Hull based East Yorkshire Motor Services (EYMS) Group is to close its depot at Driffield to reduce its overhead costs following significant cuts in the funding the company receives from central and local government. All the routes currently operated from the depot will be reallocated to other EYMS depots with only ‘very minor changes’. There will be no reduction in driver requirements. An additional factor behind the closure is difficulties with timekeeping on the site’s main route. The 121 between Hull and Scarborough has suffered in recent years from the lowering of rural speed limits, increasing numbers of traffic signals, delays caused by traffic congestion, slow moving vehicles and roadworks. Basing the buses and drivers at the large depots at each end of the route instead of in the middle at Driffield is expected to give better control by making it much easier to substitute buses and drivers when a journey runs late. Driffield is home to 15 buses and 33 staff, 28 of them drivers. The company says jobs will be available at other depots for the vast majority of the staff if suitable travel or relocation arrangements can be made. Consultations with the Union and staff representatives have started and subject to these the depot could close by June 2014.
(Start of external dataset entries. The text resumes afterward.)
(* Let $G$ be a group acting without inversions on a tree $T$ and let $H$ be a subgroup of $G$ acting freely on the edges of $T$. If $K_{T}(H)<\infty$, then $H$ is tame.
   Context: An element is hyperbolic if it fixes no vertex of $T$. If $H$ contains a hyperbolic element, $T_H$ is the unique minimal $H$-invariant subtree of $T$. $H$ is tame if either $H$ fixes a vertex of $T$, or $H$ contains a hyperbolic element and $T_H/H$ is finite. A vertex $v$ of $T$ is $H$-degenerate if $H_v=H_e$ for some edge $e$ with initial vertex $v$; the vertex $[v]_H$ of $T/H$ is then degenerate. For $H$ acting freely on edges, the Kurosh rank is $K_T(H)=r(T/H)+|V_{ndeg}(T/H)|$ if $H$ contains a hyperbolic element, where $r(T/H)$ is the rank of the fundamental group of $T/H$ and $V_{ndeg}(T/H)$ the set of non-degenerate vertices of $T/H$, and $K_T(H)=1$ otherwise. *)

From Stdlib Require Import List.
Set Implicit Arguments.
Unset Strict Implicit.

Record graph := Graph {
  vert : Type;
  edge : Type;
  src : edge -> vert;
  rev : edge -> edge }.

Definition tgt (X : graph) (e : edge X) : vert X := src (rev e).

Definition serre (X : graph) : Prop :=
  (forall e : edge X, rev (rev e) = e) /\ (forall e : edge X, rev e <> e).

Definition subgraph (X : graph) (PV : vert X -> Prop) (PE : edge X -> Prop) : Prop :=
  forall e, PE e -> PV (src e) /\ PE (rev e).

Fixpoint path_in (X : graph) (PE : edge X -> Prop) (u v : vert X) (p : list (edge X))
  : Prop :=
  match p with
  | nil => u = v
  | e :: q => PE e /\ src e = u /\ path_in PE (tgt e) v q
  end.

Fixpoint reduced (X : graph) (p : list (edge X)) : Prop :=
  match p with
  | e :: ((f :: _) as q) => f <> rev e /\ reduced q
  | _ => True
  end.

Definition connected_sub (X : graph) (PV : vert X -> Prop) (PE : edge X -> Prop) : Prop :=
  forall u v, PV u -> PV v -> exists p, path_in PE u v p.

Definition no_circuit (X : graph) (PE : edge X -> Prop) : Prop :=
  forall v p, p <> nil -> path_in PE v v p -> ~ reduced p.

Definition subtree (X : graph) (PV : vert X -> Prop) (PE : edge X -> Prop) : Prop :=
  subgraph PV PE /\ (exists v, PV v) /\ connected_sub PV PE /\ no_circuit PE.

Definition is_tree (X : graph) : Prop :=
  serre X /\ subtree (fun _ : vert X => True) (fun _ : edge X => True).

Definition fin_set (A : Type) (P : A -> Prop) : Prop :=
  exists l : list A, forall x, P x -> In x l.

Definition maximal_subtree (X : graph) (PV : vert X -> Prop) (PE : edge X -> Prop)
  (SV : vert X -> Prop) (SE : edge X -> Prop) : Prop :=
  subtree SV SE /\ (forall v, SV v -> PV v) /\ (forall e, SE e -> PE e) /\
  (forall SV' SE', subtree SV' SE' -> (forall v, SV' v -> PV v) ->
     (forall e, SE' e -> PE e) ->
     (forall v, SV v -> SV' v) -> (forall e, SE e -> SE' e) ->
     (forall v, SV' v -> SV v) /\ (forall e, SE' e -> SE e)).

(* The rank of the fundamental group of the connected graph (PV,PE) is the number
   of geometric edges outside a maximal subtree; "finite rank" means this set is
   finite (for some, equivalently every, maximal subtree). *)
Definition pi1_rank_finite (X : graph) (PV : vert X -> Prop) (PE : edge X -> Prop)
  : Prop :=
  exists SV SE, maximal_subtree PV PE SV SE /\
    fin_set (fun e => PE e /\ ~ SE e).

Record group := Group {
  gcar :> Type;
  gmul : gcar -> gcar -> gcar;
  ginv : gcar -> gcar;
  gone : gcar;
  gmulA : forall x y z, gmul x (gmul y z) = gmul (gmul x y) z;
  gmul1 : forall x, gmul gone x = x;
  gmulV : forall x, gmul (ginv x) x = gone }.

Definition subgroup (G : group) (H : G -> Prop) : Prop :=
  H (@gone G) /\ (forall x y, H x -> H y -> H (@gmul G x y)) /\
  (forall x, H x -> H (@ginv G x)).

Record action (G : group) (T : graph) := Action {
  actV : G -> vert T -> vert T;
  actE : G -> edge T -> edge T;
  actV1 : forall v, actV (@gone G) v = v;
  actVM : forall g h v, actV (@gmul G g h) v = actV g (actV h v);
  actE1 : forall e, actE (@gone G) e = e;
  actEM : forall g h e, actE (@gmul G g h) e = actE g (actE h e);
  act_src : forall g e, src (actE g e) = actV g (src e);
  act_rev : forall g e, rev (actE g e) = actE g (rev e) }.

Section ActionDefs.
Variables (G : group) (T : graph) (A : action G T).

Definition without_inversions : Prop :=
  forall g e, actE A g e <> rev e.

Definition acts_freely_on_edges (H : G -> Prop) : Prop :=
  forall h e, H h -> actE A h e = e -> h = gone G.

Definition hyperbolic (g : G) : Prop := forall v, actV A g v <> v.

Definition fixes_vertex (H : G -> Prop) : Prop :=
  exists v, forall h, H h -> actV A h v = v.

Definition orbitV (H : G -> Prop) (v : vert T) : vert T -> Prop :=
  fun w => exists h, H h /\ actV A h v = w.
Definition orbitE (H : G -> Prop) (e : edge T) : edge T -> Prop :=
  fun f => exists h, H h /\ actE A h e = f.

(** The quotient graph T/H: vertices are H-orbits of vertices, edges are
    H-orbits of edges.  It is realised as the subgraph (QV, QE) of the graph
    whose vertices/edges are arbitrary sets of vertices/edges of T. *)
Definition quot_graph (H : G -> Prop) : graph :=
  @Graph (vert T -> Prop) (edge T -> Prop)
    (fun X => fun w => exists e, X e /\ orbitV H (src e) w)
    (fun X => fun f => X (rev f)).

Definition QV (H : G -> Prop) : vert (quot_graph H) -> Prop :=
  fun X => exists v, X = orbitV H v.
Definition QE (H : G -> Prop) : edge (quot_graph H) -> Prop :=
  fun X => exists e, X = orbitE H e.

Definition H_degenerate (H : G -> Prop) (v : vert T) : Prop :=
  exists e, src e = v /\
    (forall h, H h -> (actV A h v = v <-> actE A h e = e)).

Definition quot_degenerate (H : G -> Prop) (X : vert (quot_graph H)) : Prop :=
  exists v, X = orbitV H v /\ H_degenerate H v.

(** K_T(H) < oo.  K_T(H) = r(T/H) + |V_ndeg(T/H)| if H contains a hyperbolic
    element, and K_T(H) = 1 otherwise. *)
Definition Kurosh_rank_finite (H : G -> Prop) : Prop :=
  (exists h, H h /\ hyperbolic h) ->
  pi1_rank_finite (@QV H) (@QE H) /\
  fin_set (fun X => @QV H X /\ ~ @quot_degenerate H X).

Definition H_inv_subtree (H : G -> Prop) (SV : vert T -> Prop) (SE : edge T -> Prop)
  : Prop :=
  subtree SV SE /\ (forall h v, H h -> SV v -> SV (actV A h v)) /\
  (forall h e, H h -> SE e -> SE (actE A h e)).

Definition minimal_H_subtree (H : G -> Prop) (SV : vert T -> Prop) (SE : edge T -> Prop)
  : Prop :=
  H_inv_subtree H SV SE /\
  (forall SV' SE', H_inv_subtree H SV' SE' ->
     (forall v, SV' v -> SV v) -> (forall e, SE' e -> SE e) ->
     (forall v, SV v -> SV' v) /\ (forall e, SE e -> SE' e)).

Definition finite_quotient (H : G -> Prop) (SV : vert T -> Prop) (SE : edge T -> Prop)
  : Prop :=
  fin_set (fun X => exists v, SV v /\ X = orbitV H v) /\
  fin_set (fun X => exists e, SE e /\ X = orbitE H e).

Definition tame (H : G -> Prop) : Prop :=
  fixes_vertex H \/
  ((exists h, H h /\ hyperbolic h) /\
   exists SV SE, minimal_H_subtree H SV SE /\ finite_quotient H SV SE).

End ActionDefs.

(* If H contains no hyperbolic element, every element of H fixes a vertex.  A nontrivial element
   fixes only one vertex, since otherwise it fixes the geodesic between two of its fixed vertices,
   hence an edge; and if a, b are nontrivial with fixed vertices p, q and a r = b r, then the
   reduced paths r -> p -> a r and r -> q -> b r coincide, which forces p = q.  So H fixes a vertex.

   Otherwise let S be a maximal subtree of T/H; it contains every vertex of T/H.  Finiteness of
   K_T(H) says that only finitely many edges of T/H lie outside S and only finitely many vertices
   of T/H are non-degenerate.  These edges, together with the geodesics of S from a base point to
   the non-degenerate vertices and to the sources of these edges, form a finite subgraph of T/H
   whose preimage in T is an H-invariant subtree: a vertex of T outside the preimage has a
   degenerate image, hence a trivial stabiliser, so a geodesic of T leaving the preimage would
   project to a reduced path in S that closes up inside S to a circuit.  Among the H-invariant
   subtrees with finitely many edge orbits, one with the fewest orbits is minimal and has finite
   quotient. *)

From Stdlib Require Import List Classical FunctionalExtensionality PropExtensionality Lia Wf_nat.
Import ListNotations.
Set Implicit Arguments.
Unset Strict Implicit.

Section GroupFacts.
Variable G : group.
Implicit Types x k : G.

Lemma gmulV_r x : gmul x (ginv x) = gone G.
Proof.
  rewrite <- (gmul1 (gmul x (ginv x))), <- (gmulV (ginv x)) at 1.
  rewrite <- gmulA, (gmulA (ginv x) x), gmulV, gmul1.
  apply gmulV.
Qed.

Lemma gmul1_r x : gmul x (gone G) = x.
Proof. rewrite <- (gmulV x), gmulA, gmulV_r. apply gmul1. Qed.

Lemma gconj_eq1 k x : gmul k (gmul x (ginv k)) = gone G -> x = gone G.
Proof.
  intros E.
  assert (E' : gmul (ginv k) (gmul k (gmul x (ginv k))) = ginv k)
    by (rewrite E; apply gmul1_r).
  rewrite gmulA, gmulV, gmul1 in E'.
  assert (E'' : gmul (gmul x (ginv k)) k = gmul (ginv k) k) by (rewrite E'; reflexivity).
  rewrite <- gmulA, gmulV, gmul1_r in E''. exact E''.
Qed.

End GroupFacts.

Lemma app_inj_length (B : Type) (l1 l2 m1 m2 : list B) :
  length l1 = length m1 -> l1 ++ l2 = m1 ++ m2 -> l1 = m1.
Proof.
  revert m1; induction l1 as [|a l1 IH]; intros [|b m1] Hlen E; try discriminate; [reflexivity|].
  injection E as -> E. f_equal. apply IH; [injection Hlen|]; auto.
Qed.

Section Paths.
Variable X : graph.
Implicit Types (P Q : edge X -> Prop) (e : edge X) (p q : list (edge X)) (u v w : vert X).

Lemma path_in_app P p q u v :
  path_in P u v (p ++ q) <-> exists w, path_in P u w p /\ path_in P w v q.
Proof.
  revert u; induction p as [|e p IH]; intros u; simpl.
  - split; [eauto | intros (w & -> & Hq); exact Hq].
  - rewrite IH. split.
    + intros (He & Hs & w & Hp & Hq). eauto.
    + intros (w & (He & Hs & Hp) & Hq). eauto.
Qed.

Lemma path_in_target P Q p u v v' : path_in P u v p -> path_in Q u v' p -> v = v'.
Proof.
  revert u; induction p as [|e p IH]; simpl; intros u Hp Hq.
  - congruence.
  - exact (IH _ (proj2 (proj2 Hp)) (proj2 (proj2 Hq))).
Qed.

Lemma path_in_edges P p u v : path_in P u v p -> forall e, In e p -> P e.
Proof.
  revert u; induction p as [|f p IH]; simpl; [tauto|].
  intros u (Hf & _ & Hp) e [<-|He]; eauto.
Qed.

Lemma path_in_retype P Q p u v :
  path_in P u v p -> (forall e, In e p -> Q e) -> path_in Q u v p.
Proof.
  revert u; induction p as [|f p IH]; simpl; intros u Hp HQ; [exact Hp|].
  destruct Hp as (_ & Hs & Hp). split; [auto|]. split; [exact Hs|]. eauto.
Qed.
East Riding of Yorkshire Council confirmed it is to cut £240,000 a year from its support to the National Concessionary Travel Scheme. EYMS provides by far the majority of bus services in the county, so bears the brunt of the reduction. More cuts are thought likely to follow. North Yorkshire County Council is also proposing further reductions in the money it pays operators for the free travel scheme and has already significantly reduced the money it pays to support services. EYMS has had a presence in Driffield since the company was formed in 1926 and the present depot was built in 1958 to replace the former garage premises.

EYMS Chairman, Peter Shipp, said, ‘Many bus routes in other parts of the country have seen significant reductions and many have gone altogether over the last few years, but we have worked hard to maintain our services and have been prepared to accept very low profits in the face of increasingly difficult circumstances. So I am desperately sorry that we have finally had to take this step but it is vital that we do whatever we can to cut our overhead costs, and the work operated from Driffield depot can be accommodated at our other garages. Making savings this way we cut overhead costs but we are able to maintain virtually all of the journeys currently operated by Driffield depot, although I cannot rule out the possibility of bus service cuts elsewhere in future given the scale of the funding issues we are facing. However we have given staff an assurance that we are certainly not considering any other depot closures.’
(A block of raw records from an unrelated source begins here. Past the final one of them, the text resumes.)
(* In a tree, [depth x + depth y - 2 c] is the distance when [c] is the depth of the
   meet of [x] and [y]; moving [y] along an edge changes this quantity by one. *)
Lemma walk_length_ge x cx : ancestors cx x ->
  forall n y cy, walk E x y n -> ancestors cy y ->
  forall c, (forall i, c < i -> i <= depth x -> i <= depth y -> cx i <> cy i) ->
  depth x + depth y <= n + 2 * c.
Proof.
  intros Hx n. induction n as [|n IH]; intros y cy W Hy c Hc.
  - apply walk0_eq in W as <-.
    destruct (Nat.le_gt_cases (depth x) c); [lia|].
    exfalso. apply (Hc (depth x)); auto. now rewrite (proj2 Hx), (proj2 Hy).
  - destruct (walk_snoc_inv W) as [u [Wu Huy]].
    destruct (ancestors_exist u) as [cu Hu].
    assert (Hcu_top : cu (depth u) = u) by apply Hu.
    destruct (edge_depth Huy) as [Hd|Hd].
    + pose proof (ancestors_child Huy Hd Hy Hu) as Agr.
      destruct (Nat.le_gt_cases c (depth u)).
      * enough (depth x + depth u <= n + 2 * c) by lia.
        apply (IH u cu Wu Hu c). intros i Hi Hix Hiu. rewrite <- Agr by lia. apply Hc; lia.
      * enough (depth x + depth u <= n + 2 * depth u) by lia.
        apply (IH u cu Wu Hu (depth u)). intros; lia.
    + pose proof (ancestors_child (Esym Huy) Hd Hu Hy) as Agr.
      destruct (classic (depth u <= depth x /\ cx (depth u) = u)) as [[Hux Hcx]|Hnot].
      * assert (Hmeet : cx (depth y) = cy (depth y)).
        { rewrite <- Agr by lia. apply (@root_path_unique _ _ (depth u)); auto; try lia.
          - apply (@root_path_le _ (depth x)); [apply Hx | lia].
          - apply Hu.
          - congruence. }
        assert (depth y <= c) by (destruct (Nat.le_gt_cases (depth y) c); auto;
                                   exfalso; apply (Hc (depth y)); auto; lia).
        enough (depth x + depth u <= n + 2 * depth u) by lia.
        apply (IH u cu Wu Hu (depth u)). intros; lia.
      * enough (depth x + depth u <= n + 2 * c) by lia.
        apply (IH u cu Wu Hu c). intros i Hi Hix Hiu.
        destruct (Nat.eq_dec i (depth u)) as [->|Hne].
        -- rewrite Hcu_top. intros Heq. apply Hnot. auto.
        -- rewrite Agr by lia. apply Hc; lia.
Qed.

Lemma root_paths_dist p q l k : root_path p l -> root_path q l -> k <= l ->
  (forall i, i <= k -> p i = q i) -> (k < l -> p (S k) <> q (S k)) ->
  dist E (p l) (q l) = 2 * l - 2 * k.
Proof.
  intros Hp Hq Hk Hagr Hsplit.
  assert (Dp : depth (p l) = l) by (apply Hp; lia).
  assert (Dq : depth (q l) = l) by (apply Hq; lia).
  apply Nat.le_antisymm.
  - apply (dist_le Econn). replace (2 * l - 2 * k) with ((l - k) + (l - k)) by lia.
    apply walk_cat with (p k).
    + apply walk_down_path with l; auto. apply Hp.
    + rewrite Hagr by lia. apply walk_rev; auto. apply walk_down_path with l; auto. apply Hq.
  - enough (depth (p l) + depth (q l) <= dist E (p l) (q l) + 2 * k) by lia.
    apply (walk_length_ge (cx := p)) with (cy := q).
    + split; rewrite Dp; auto.
    + apply (dist_walk Econn).
    + split; rewrite Dq; auto.
    + rewrite Dp, Dq. intros i Hki Hi _ Heq. apply Hsplit; [lia|].
      apply (@root_path_unique _ _ i); auto; apply (@root_path_le _ l); auto.
Qed.
Lemma pd_sub_scal f g c i p : ex_pd f i p -> ex_pd g i p ->
  pd (fun q => f q - c * g q) i p = pd f i p - c * pd g i p.
Proof. by move=> Hf Hg; apply/has_pd_unique/has_pd_sub_scal. Qed.

Lemma pd_sub f g i p : ex_pd f i p -> ex_pd g i p ->
  pd (fun q => f q - g q) i p = pd f i p - pd g i p.
Proof.
  move=> Hf Hg; rewrite -[pd g i p]Rmult_1_l -(pd_sub_scal 1 Hf Hg).
  by congr pd; apply: functional_extensionality => q; ring.
Qed.

Lemma ball_min (d1 d2 : R) (q p : pt) : (forall j, Rabs (q j - p j) < Rmin d1 d2) ->
  (forall j, Rabs (q j - p j) < d1) /\ (forall j, Rabs (q j - p j) < d2).
Proof.
  by move=> H; split=> j; apply: Rlt_le_trans (H j) _; [apply: Rmin_l | apply: Rmin_r].
Qed.

Lemma cont_const U c : cont_on U (fun _ => c).
Proof.
  move=> p _ eps He; exists 1; split=> [|q _ _]; first lra.
  by rewrite Rminus_diag Rabs_R0.
Qed.

Lemma cont_ext U f g : cont_on U f -> (forall q, U q -> f q = g q) -> cont_on U g.
Proof.
  move=> Hf Hfg p Hp eps He; have [d [Hd Hd']] := Hf p Hp eps He.
  by exists d; split=> // q Hq Hqp; rewrite -!Hfg //; apply: Hd'.
Qed.

Lemma cont_add U f g : cont_on U f -> cont_on U g -> cont_on U (fun q => f q + g q).
Proof.
  move=> Hf Hg p Hp eps He.
  have [d1 [Hd1 H1]] := Hf p Hp (eps / 2) ltac:(lra).
  have [d2 [Hd2 H2]] := Hg p Hp (eps / 2) ltac:(lra).
  exists (Rmin d1 d2); split=> [|q Hq /ball_min [Hq1 Hq2]]; first exact: Rmin_pos.
  have := Rabs_triang (f q - f p) (g q - g p); have := H1 q Hq Hq1; have := H2 q Hq Hq2.
  by replace (f q - f p + (g q - g p)) with (f q + g q - (f p + g p)) by ring; lra.
Qed.

Lemma cont_mul U f g : cont_on U f -> cont_on U g -> cont_on U (fun q => f q * g q).
Proof.
  move=> Hf Hg p Hp eps He.
  set F := Rabs (f p); set G := Rabs (g p).
  have HF : 0 <= F by apply: Rabs_pos.
  have HG : 0 <= G by apply: Rabs_pos.
  set eta := Rmin 1 (eps / (2 * (1 + F + G))).
  have Heta1 : eta <= 1 by apply: Rmin_l.
  have Heta2 : eta * (2 * (1 + F + G)) <= eps.
    have := Rmin_r 1 (eps / (2 * (1 + F + G))); rewrite -/eta => H.
    have Hpos : 0 < 2 * (1 + F + G) by lra.
    by have := Rmult_le_compat_r _ _ _ (Rlt_le _ _ Hpos) H; rewrite /Rdiv Rmult_assoc
      Rinv_l ?Rmult_1_r; lra.
  have Heta : 0 < eta.
    by apply: Rmin_pos; [lra | apply: Rdiv_lt_0_compat; lra].
  have [d1 [Hd1 H1]] := Hf p Hp eta Heta.
  have [d2 [Hd2 H2]] := Hg p Hp eta Heta.
  exists (Rmin d1 d2); split=> [|q Hq /ball_min [Hq1 Hq2]]; first exact: Rmin_pos.
  have A := H1 q Hq Hq1; have B := H2 q Hq Hq2.
  replace (f q * g q - f p * g p) with
    ((f q - f p) * (g q - g p) + f p * (g q - g p) + g p * (f q - f p)) by ring.
  have := Rabs_triang ((f q - f p) * (g q - g p) + f p * (g q - g p)) (g p * (f q - f p)).
  have := Rabs_triang ((f q - f p) * (g q - g p)) (f p * (g q - g p)).
  rewrite !Rabs_mult -/F -/G.
  have := Rabs_pos (f q - f p); have := Rabs_pos (g q - g p).
  nra.
Qed.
‘A major factor in all this is the National Concessionary Travel Scheme. I think the scheme should remain free but it is vital that operators are properly reimbursed. The local authorities in our area have been very supportive and I have no doubt that they would prefer not to make these funding cuts but we all know they are under pressure and suffering big reductions in their budgets. It is just a great pity that bus services, which are a lifeline for many, are not given more priority especially by central government. It will be a very sad day when the depot closes. Over the years we have shut a few depots inherited from local bus operators EYMS has bought, when those operations have been absorbed into our existing garages, but this would be the first original EYMS depot to close.’